I am not familiar with the game, Fable.

Care to explain how you got to the Dragon Cliff?  It sounds as if it is "the secret" of the game, yes?


----------



## kyektulu (Aug 8, 2006)

*Is this the name of a new RPG game...?* 

*Please tell...*


----------



## Marya (Aug 8, 2006)

It's an RPG made by Peter Molyneux.  It came out in 2004.  I've not played it but heard a little about it (but not about the Dragon Cliff).

http://www.xbox.com/en-US/games/f/fable/default.htm

I've also seen it for PC as well.


----------



## tyler (Aug 9, 2006)

McMurphy said:
			
		

> I am not familiar with the game, Fable.
> 
> Care to explain how you got to the Dragon Cliff? It sounds as if it is "the secret" of the game, yes?


i used the shovel glitch from hook coast cullis gate to get to Filler_HookCoast_01 and from there i crouch walked to the edge of the level put mi back against it and dug throught to "dragon cliff" (the dragon cliff i came across was not like the 1s where u see the guy on an island he was in the middle of kno where and was off the map but this proves it was gunna be in the game)  

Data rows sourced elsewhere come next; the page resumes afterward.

(* Let $\beta\in[0,\tfrac12)$ and let $u,v:\mathbb{T}_m\to\mathbb{R}$ be bounded functions such that $-\Delta_\beta u(x)\ge-\Delta_\beta v(x)$ for all $x\in\mathbb{T}_m$ and $\liminf_{x\to y}u(x)\ge\limsup_{x\to y}v(x)$ for every $y\in\partial\mathbb{T}_m$. Then $u\ge v$ on $\mathbb{T}_m$. Moreover, if $\beta>0$, then either $u>v$ on $\mathbb{T}_m$ or $u\equiv v$.
   Context: Tree: for an integer $m\ge2$, $\mathbb{T}_m$ has vertices the root $\emptyset$ and all finite sequences $(\emptyset,a_1,\dots,a_k)$, $a_i\in\{0,\dots,m-1\}$; $|x|$ is the level, successors of $x$ are $(x,i)$, $\hat x$ is the immediate predecessor of $x\ne\emptyset$. A branch is an infinite sequence $(x_n)_{n\ge0}$ with $x_0=\emptyset$ and $x_{n+1}$ a successor of $x_n$; $\partial\mathbb{T}_m$ is the set of branches; for $y=(x_n)$, $\liminf_{x\to y}u(x)=\liminf_n u(x_n)$ and $\limsup_{x\to y}v(x)=\limsup_n v(x_n)$. Operator: $p_\beta=1$ if $\beta=0$, $p_\beta=\beta/(1-\beta)$ if $\beta\in(0,1)$. $\Delta_\beta u(\emptyset)=\frac1m\sum_{i=0}^{m-1}u(\emptyset,i)-u(\emptyset)$ and, for $x\ne\emptyset$, $\Delta_\beta u(x)=\big(\beta u(\hat x)+\frac{1-\beta}{m}\sum_{i=0}^{m-1}u(x,i)-u(x)\big)p_\beta^{-|x|}$. *)

From mathcomp Require Import all_boot all_order all_algebra.
From mathcomp Require Import all_classical all_reals all_analysis.
Set Implicit Arguments. Unset Strict Implicit. Unset Printing Implicit Defensive.
Import Order.TTheory GRing.Theory Num.Theory.
Local Open Scope ring_scope.

(* Vertices of the m-ary tree T_m: finite sequences of digits in {0,..,m-1}.
   Encoding convention: the sequence is stored in REVERSE order, i.e. the
   vertex (root, a_1, ..., a_k) is the list [:: a_k; ...; a_1]. *)
Definition vertex (m : nat) := seq 'I_m.

Definition level m (x : vertex m) : nat := size x.
Definition succ m (x : vertex m) (i : 'I_m) : vertex m := i :: x.
Definition pred_vertex m (x : vertex m) : vertex m := behead x.

(* A branch is determined by the infinite sequence of digits b 0, b 1, ...;
   its n-th vertex is (root, b 0, ..., b (n-1)) (stored reversed). *)
Fixpoint branch_vertex m (b : nat -> 'I_m) (n : nat) : vertex m :=
  match n with
  | 0 => [::]
  | n'.+1 => b n' :: branch_vertex b n'
  end.

Definition pbeta {R : realType} (beta : R) : R :=
  if beta == 0 then 1 else beta / (1 - beta).

Definition Delta {R : realType} (m : nat) (beta : R) (u : vertex m -> R)
  (x : vertex m) : R :=
  if x is [::] then
    (m%:R)^-1 * (\sum_(i < m) u (succ x i)) - u x
  else
    (beta * u (pred_vertex x) + (1 - beta) / m%:R * (\sum_(i < m) u (succ x i))
      - u x) * (pbeta beta) ^- (level x).

From mathcomp Require Import all_boot all_order all_algebra.
From mathcomp Require Import all_classical all_reals all_analysis.
From mathcomp Require Import lra zify.
Import Order.TTheory GRing.Theory Num.Theory.
Local Open Scope ring_scope.
Set Implicit Arguments. Unset Strict Implicit.

(* Put w := v - u.  The hypothesis on Delta says that w is subharmonic: w lies
   below the mean value operator M w, where at x <> root
   M w x = beta w(parent) + (1 - beta) (average of w over the children).
   If w x > 0, climb from x to a vertex y at least as large as its parent (or
   the root); from there, stepping repeatedly to a child maximising w keeps
   this property, and subharmonicity then forces w never to decrease.  So
   w >= w x > 0 eventually along a branch, contradicting liminf u >= limsup v.
   For beta > 0, a zero of w <= 0 propagates to the parent (which has weight
   beta in M w) and to all children (their average is >= 0, each is <= 0). *)

Lemma limn_inf_addr_le_sup (R : realType) (a c : R^nat) (N : nat) (d : R) :
  bounded_fun a -> bounded_fun c ->
  (forall n, (N <= n)%N -> a n + d <= c n) -> limn_inf a + d <= limn_sup c.
Proof.
move=> ba bc acd; rewrite limn_infE // limn_supE //.
have infs_sups k j : infs a k + d <= sups c j.
  pose n := maxn N (maxn k j).
  have ak : infs a k <= a n.
    apply: ge_inf; first exact/has_lbound_sdrop/bounded_fun_has_lbound.
    by exists n => //=; rewrite /n; lia.
  have cj : c n <= sups c j.
    apply: ub_le_sup; first exact/has_ubound_sdrop/bounded_fun_has_ubound.
    by exists n => //=; rewrite /n; lia.
  by have := acd n (leq_maxl _ _); lra.
rewrite -lerBrDr; apply: ge_sup; first by exists (infs a 0), 0%N.
move=> _ [k _ <-]; rewrite lerBrDr.
apply: lb_le_inf; first by exists (sups c 0), 0%N.
by move=> _ [j _ <-]; exact: infs_sups.
Qed.

Lemma bounded_fun_comp (R : realType) (T U : Type) (f : U -> R) (g : T -> U) :
  bounded_fun f -> bounded_fun (f \o g).
Proof.
by move=> [M [M_real le_M]]; exists M; split=> // N lt_MN t _; exact: le_M.
Qed.

Section BranchThrough.
Variables (m : nat) (next : vertex m -> 'I_m) (y : vertex m).

Definition grow (x : vertex m) : vertex m := succ x (next x).

(* Vertices are stored reversed, so the digits of [y] read from the root are
   [rev y]; below [y] the branch follows [next]. *)
Definition branch_through (n : nat) : 'I_m :=
  if (n < size y)%N then nth (next y) (rev y) n
  else next (iter (n - size y) grow y).

Lemma branch_through_prefix n : (n <= size y)%N ->
  branch_vertex branch_through n = drop (size y - n) y.
Proof.
elim: n => [|n IHn] lt_ny /=; first by rewrite subn0 drop_size.
rewrite IHn 1?ltnW // /branch_through lt_ny nth_rev //.
by rewrite [RHS](drop_nth (next y)) ?subnSK //; lia.
Qed.

Lemma branch_through_iter k :
  branch_vertex branch_through (size y + k) = iter k grow y.
Proof.
elim: k => [|k IHk].
  by rewrite addn0 branch_through_prefix // subnn drop0.
by rewrite addnS /= IHk /branch_through ltnNge leq_addr /= addKn.
Qed.

End BranchThrough.

Section MeanValue.
Variables (R : realType) (m : nat) (beta : R).
Implicit Types (u v w : vertex m -> R) (x : vertex m).

Definition child_mean w x : R := m%:R^-1 * \sum_(i < m) w (succ x i).

Definition mean_op w x : R :=
  if x is [::] then child_mean w x
  else beta * w (pred_vertex x) + (1 - beta) * child_mean w x.

Definition subharmonic w := forall x, w x <= mean_op w x.

Lemma DeltaE w x : Delta beta w x = (mean_op w x - w x) * pbeta beta ^- level x.
Proof.
rewrite /Delta /mean_op /child_mean.
by case: x => [|a x]; rewrite ?expr0 ?invr1 ?mulr1 ?mulrA.
Qed.

Lemma mean_opB u v x :
  mean_op (fun y => v y - u y) x = mean_op v x - mean_op u x.
Proof.
have meanB :
    child_mean (fun y => v y - u y) x = child_mean v x - child_mean u x.
  by rewrite /child_mean sumrB mulrBr.
by rewrite /mean_op meanB; case: x {meanB} => [|a x] //; lra.
Qed.

Hypotheses (beta_ge0 : 0 <= beta) (beta_lt1 : beta < 1).

Lemma one_sub_beta_gt0 : 0 < 1 - beta.
Proof. by rewrite subr_gt0. Qed.

Lemma pbeta_gt0 : 0 < pbeta beta.
Proof.
rewrite /pbeta; case: eqP => [_|beta_neq0]; first exact: ltr01.
by rewrite divr_gt0 ?subr_gt0 // lt_neqAle eq_sym beta_ge0 andbT; apply/eqP.
Qed.

Lemma subharmonic_sub u v :
  (forall x, Delta beta u x <= Delta beta v x) ->
  subharmonic (fun x => v x - u x).
Proof.
move=> le_Delta x; have := le_Delta x.
rewrite !DeltaE ler_pM2r ?invr_gt0 ?exprn_gt0 ?pbeta_gt0 // mean_opB; lra.
Qed.

Hypothesis m_gt0 : (0 < m)%N.

Definition best_child w x : 'I_m :=
  [arg max_(i > Ordinal m_gt0) w (succ x i)]%O.

Lemma child_mean_le_best w x : child_mean w x <= w (succ x (best_child w x)).
Proof.
have m_pos : 0 < m%:R :> R by rewrite ltr0n.
rewrite /child_mean ler_pdivrMl // mulr_natl -[X in _ *+ X](card_ord m).
rewrite -sumr_const.
apply: ler_sum => i _; rewrite /best_child.
by case: arg_maxP => // j _; apply.
Qed.

Definition rising w x := x = [::] \/ w (pred_vertex x) <= w x.

Lemma exists_rising_above w x : exists2 y, rising w y & w x <= w y.
Proof.
elim: x => [|a x [y rising_y le_xy]]; first by exists [::]; first left.
have [le_x_ax|lt_ax_x] := leP (w x) (w (a :: x)).
  by exists (a :: x); first right.
by exists y => //; apply: le_trans le_xy; exact: ltW.
Qed.

Lemma rising_best_child w x : subharmonic w -> rising w x ->
  w x <= w (succ x (best_child w x)).
Proof.
move=> sub_w rising_x; have le_mean := sub_w x.
have le_best := child_mean_le_best w x; rewrite /mean_op in le_mean.
case: x rising_x le_mean le_best => [|a x] rising_x; first lra.
case: rising_x => // le_parent; rewrite /pred_vertex /= in le_parent *.
set W := w (succ _ _); set A := child_mean w _ => le_mean le_AW.
have := ler_wpM2l beta_ge0 le_parent.
have := ler_wpM2l (ltW one_sub_beta_gt0) le_AW.
move=> le_1AW le_bx; rewrite -(ler_pM2l one_sub_beta_gt0); lra.
Qed.

Lemma iter_grow_increasing w x k : subharmonic w -> rising w x ->
  w x <= w (iter k (grow (best_child w)) x).
Proof.
move=> sub_w rising_x; set z := iter k _ x.
suff [] : rising w z /\ w x <= w z by [].
rewrite {}/z; elim: k => [|k [rising_k le_k]] //=.
split; first by right; exact: rising_best_child.
by apply: (le_trans le_k); exact: rising_best_child.
Qed.

Lemma exists_branch_above w x : subharmonic w ->
  exists b N, forall n, (N <= n)%N -> w x <= w (branch_vertex b n).
Proof.
move=> sub_w; have [y rising_y le_xy] := exists_rising_above w x.
exists (branch_through (best_child w) y), (size y) => n le_yn.
rewrite -(subnKC le_yn) branch_through_iter.
exact: le_trans le_xy (iter_grow_increasing _ sub_w rising_y).
Qed.

Section NonPositive.
Variable w : vertex m -> R.
Hypotheses (sub_w : subharmonic w) (w_le0 : forall x, w x <= 0).

Lemma child_mean_le0 x : child_mean w x <= 0.
Proof. by rewrite /child_mean mulr_ge0_le0 ?invr_ge0 // sumr_le0. Qed.

Lemma subharmonic_zero_parent a x : 0 < beta -> w (a :: x) = 0 -> w x = 0.
Proof.
move=> beta_gt0 w_ax0; apply/eqP; rewrite eq_le w_le0 /=.
have := sub_w (a :: x); rewrite /mean_op /pred_vertex /= w_ax0.
have := mulr_ge0_le0 (ltW one_sub_beta_gt0) (child_mean_le0 (a :: x)).
move=> le_mean0 le_sum; rewrite -(pmulr_rge0 _ beta_gt0); lra.
Qed.

Lemma subharmonic_zero_children x i : w x = 0 -> w (succ x i) = 0.
Proof.
move=> w_x0; have mean_ge0 : 0 <= child_mean w x.
  have := sub_w x; rewrite /mean_op w_x0; case: x w_x0 => // a x _.
  have := mulr_ge0_le0 beta_ge0 (w_le0 (pred_vertex (a :: x))).
  move=> le_beta0 le_sum; rewrite -(pmulr_rge0 _ one_sub_beta_gt0); lra.
rewrite /child_mean pmulr_rge0 ?invr_gt0 ?ltr0n // in mean_ge0.
have sum0 : \sum_(j < m) w (succ x j) = 0.
  by apply/eqP; rewrite eq_le mean_ge0 andbT; apply: sumr_le0.
apply/eqP; rewrite -oppr_eq0; apply/eqP.
apply: (psumr_eq0P (P := xpredT) (F := fun j => - w (succ x j))) => //.
  by move=> j _; rewrite oppr_ge0.
by rewrite sumrN sum0 oppr0.
Qed.

Lemma subharmonic_nonpos_eq0 x0 : 0 < beta -> w x0 = 0 -> forall x, w x = 0.
Proof.
move=> beta_gt0 w_x00; have w_root0 : w [::] = 0.
  by elim: x0 w_x00 => // a x IHx /subharmonic_zero_parent-/(_ beta_gt0).
by elim=> // a x IHx; exact: (subharmonic_zero_children a IHx).
Qed.

End NonPositive.

End MeanValue.

Theorem theorem2p2 (R : realType) (m : nat) (hm : (2 <= m)%N) (beta : R)
  (hb0 : 0 <= beta) (hb1 : beta < 1 / 2)
  (u v : vertex m -> R) (hu : bounded_fun u) (hv : bounded_fun v)
  (hDelta : forall x : vertex m, - Delta beta u x >= - Delta beta v x)
  (hbd : forall b : nat -> 'I_m,
      limn_inf (fun n => u (branch_vertex b n))
      >= limn_sup (fun n => v (branch_vertex b n))) :
  (forall x : vertex m, u x >= v x) /\
  (0 < beta -> (forall x : vertex m, u x > v x) \/ (forall x : vertex m, u x = v x)).
Proof.
have beta_lt1 : beta < 1 by lra.
have m_gt0 : (0 < m)%N by apply: leq_trans hm.
pose w x := v x - u x.
have sub_w : subharmonic beta w.
  by apply: subharmonic_sub => // x; rewrite -lerN2.
have le_vu x : v x <= u x.
  rewrite -subr_le0 leNgt; apply/negP => w_gt0.
  have [b [N le_w]] := exists_branch_above hb0 beta_lt1 m_gt0 x sub_w.
  have : limn_inf (u \o branch_vertex b) + w x
         <= limn_sup (v \o branch_vertex b).
    apply: limn_inf_addr_le_sup
      (bounded_fun_comp _ hu) (bounded_fun_comp _ hv) _.
    by move=> n /le_w; rewrite /w /=; lra.
  by have := hbd b; rewrite /comp /w; lra.
split=> // beta_gt0.
have w_le0 y : w y <= 0 by rewrite subr_le0.
have [[x0 w_x00]|w_neq0] := pselect (exists x0, w x0 = 0).
  right=> x; apply/eqP; rewrite eq_sym -subr_eq0; apply/eqP.
  exact: (subharmonic_nonpos_eq0 hb0 beta_lt1 m_gt0 sub_w w_le0 beta_gt0 w_x00).
left=> x; rewrite lt_neqAle le_vu andbT; apply/eqP => eq_vu.
by apply: w_neq0; exists x; rewrite /w eq_vu subrr.
Qed.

did ne 1 else kno abot the gallow tree its out side the guild at lookout point it has red writing on it lanterns hangin from it and its on top of some rocks but the rocks have the life drain spell on them and i think its another wat to get into dragon cliff or some other secret area

dosnt the pics of the dragon cliff look like archons folly?
to ne 1


----------



## McMurphy (Aug 10, 2006)

Hey Tyler.  I was not able to pm you at this time due to pm constraints of new members.  If you have any questions as to why I merged your last three posts into a single one, feel free to email me at the following email address:

mspacmanlovers@hotmail.com



Back to the topic at hand....what is the purpose or significance of the rumored existence of the Dragon Cliffs?


----------



## tyler (Aug 10, 2006)

u fight a dragon there i think the dragons name is fresco


----------



## Brian G Turner (Aug 10, 2006)

Can we try and have English please, not txt spk, thanks tyler.


----------



## tyler (Aug 12, 2006)

sorry im  new to threads

what is your favorite weapon and armor in fable

the dragon fresco is more likley jack of blades in his secon form that might explain why the dragon cliff looks like archons folly


----------



## McMurphy (Aug 13, 2006)

Hello, Tyler.

I just wanted to let you know that I merged your posts again. Please keep in mind that you should be avoiding triple posting without other members having a chance to add to the conversation. 

I know, at times, a person wishes to add an additional thought that they may have overlooked when originally posting. I recommend taking advantage of the "edit" feature that is available to posters a short time after they have published a post.

Let me know if you have any questions.


----------